- _PROBLEM STATEMENT_
From the entries below, list each line with "inord".

··········

(* G is a cubical IGS, realised as a sub-system of R(d,L,s) via the
   inclusion iota (S(G) ⊆ S' is modelled by an injective iota). *)
Definition cubical d L s (hd : 0 < d) (G : igs 'I_d)
    (iota : sym G -> cube_sym d L s) : Prop :=
  is_igs G /\ injective iota /\ is_mapping G (cube_igs d L s hd) iota /\
  (forall j (x : cube_sym d L s), star j x -> exists y, iota y = x) /\
  (forall j (w v : sym G), star j (iota w) -> star j (iota v) ->
     agree_off j (iota w) (iota v) ->
     val ((iota v).1 j) = (val ((iota w).1 j)).+1 -> edge G w v) /\
  (forall j (w v : sym G), star j (iota w) -> star j (iota v) ->
     agree_off j (iota w) (iota v) ->
     val ((iota w).1 j) = L.-1 -> val ((iota v).1 j) = 0 -> glue G j w v) /\
  (forall a, cube_G a -> exists b : sym G -> sym G,
     (forall x, iota (b x) = a (iota x)) /\ is_iso G G b).

(* Sierpinski gasket: symbols 0,1,2; types a,b,c = 0,1,2. *)
Definition gasket_edge : rel 'I_3 := fun x y =>
  [|| (val x == 0) && (val y == 1), (val x == 1) && (val y == 2)
    | (val x == 0) && (val y == 2)].
Definition gasket_type (x y : 'I_3) : 'I_3 :=
  if (val x == 0) && (val y == 1) then inord 0
  else if (val x == 1) && (val y == 2) then inord 1 else inord 2.
Definition gasket_glue (t : 'I_3) : rel 'I_3 := fun x y =>
  if val t == 0 then (val x == 1) && (val y == 0)
  else if val t == 1 then (val x == 2) && (val y == 1)
  else (val x == 2) && (val y == 0).
Definition gasket : igs 'I_3 := @IGS 'I_3 'I_3 gasket_edge gasket_type gasket_glue.
(* Assume (A1). For all $\epsilon>0$ small enough there exists a constant $C_1<\infty$ such that for all $x\in\mathbb{Z}^2$ and all integers $k>\|x\|_\infty$, \[ \mathbb{P}_\epsilon\bigl(m_A(x)=k\bigr)\le\frac{C_1}{(k-\|x\|_\infty)^{\alpha-1}}. \]
   Context: Couplings $J_{x,y}=J_{x-y}$ with $J_x=J_{-x}\ge0$, $\sum_{x\in\mathbb{Z}^2}J_x=1$; (A1): there exist $\alpha>4$, $J\ge0$ with $J_x\le J\|x\|_1^{-\alpha}$ for $x\ne0$. For $\epsilon\in(0,1]$, $\mathbb{P}_\epsilon$ is independent Bernoulli bond percolation on the set of unordered pairs $\{x,y\}$ of distinct vertices of $\mathbb{Z}^2$, each open with probability $\epsilon J_{x,y}$; $A$ is the set of open edges and $u\leftrightarrow v$ means $u,v$ are joined by a finite chain of open edges (or $u=v$). $m_A(u)=\sup\{\|v\|_\infty: v\leftrightarrow u\}$. *)

From HB Require Import structures.
From mathcomp Require Import all_boot all_order all_algebra.
From mathcomp Require Import all_classical all_reals all_analysis.
From Stdlib Require Import Relations.
Set Implicit Arguments. Unset Strict Implicit. Unset Printing Implicit Defensive.
Import Order.TTheory GRing.Theory Num.Theory.
Local Open Scope classical_set_scope.
Local Open Scope ring_scope.

Definition Z2 := (int * int)%type.

Definition norm1 (x : Z2) : nat := (`|x.1| + `|x.2|)%N.
Definition normi (x : Z2) : nat := maxn `|x.1|%N `|x.2|%N.
Definition subZ2 (x y : Z2) : Z2 := (x.1 - y.1, x.2 - y.2).

(* a strict total order on Z^2, used to represent unordered pairs {x,y}, x<>y *)
Definition lexlt (u v : Z2) : bool := (u.1 < v.1) || ((u.1 == v.1) && (u.2 < v.2)).

(* the edges: unordered pairs of distinct vertices, represented as (u,v) with u <lex v *)
Definition edge := {e : Z2 * Z2 | lexlt e.1 e.2}.

(* configuration w : edge -> bool (w e = true iff e is open); adjacency and connection *)
Definition adj (w : edge -> bool) (u v : Z2) : Prop :=
  exists e : edge, w e /\ (val e = (u, v) \/ val e = (v, u)).

Definition conn (w : edge -> bool) : Z2 -> Z2 -> Prop := clos_refl_trans Z2 (adj w).

Definition mA (R : realType) (w : edge -> bool) (u : Z2) : \bar R :=
  ereal_sup [set ((normi v)%:R)%:E | v in [set v | conn w v u]].

Definition mutually_independent (R : realType) d (T : measurableType d)
  (P : probability T R) (I : eqType) (E : I -> set T) : Prop :=
  forall s : seq I, uniq s ->
    P (\bigcap_(i in [set` s]) E i) = (\prod_(i <- s) P (E i))%E.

··········

- _ANSWER SECTION_
  if (val x == 0) && (val y == 1) then inord 0
  else if (val x == 1) && (val y == 2) then inord 1 else inord 2.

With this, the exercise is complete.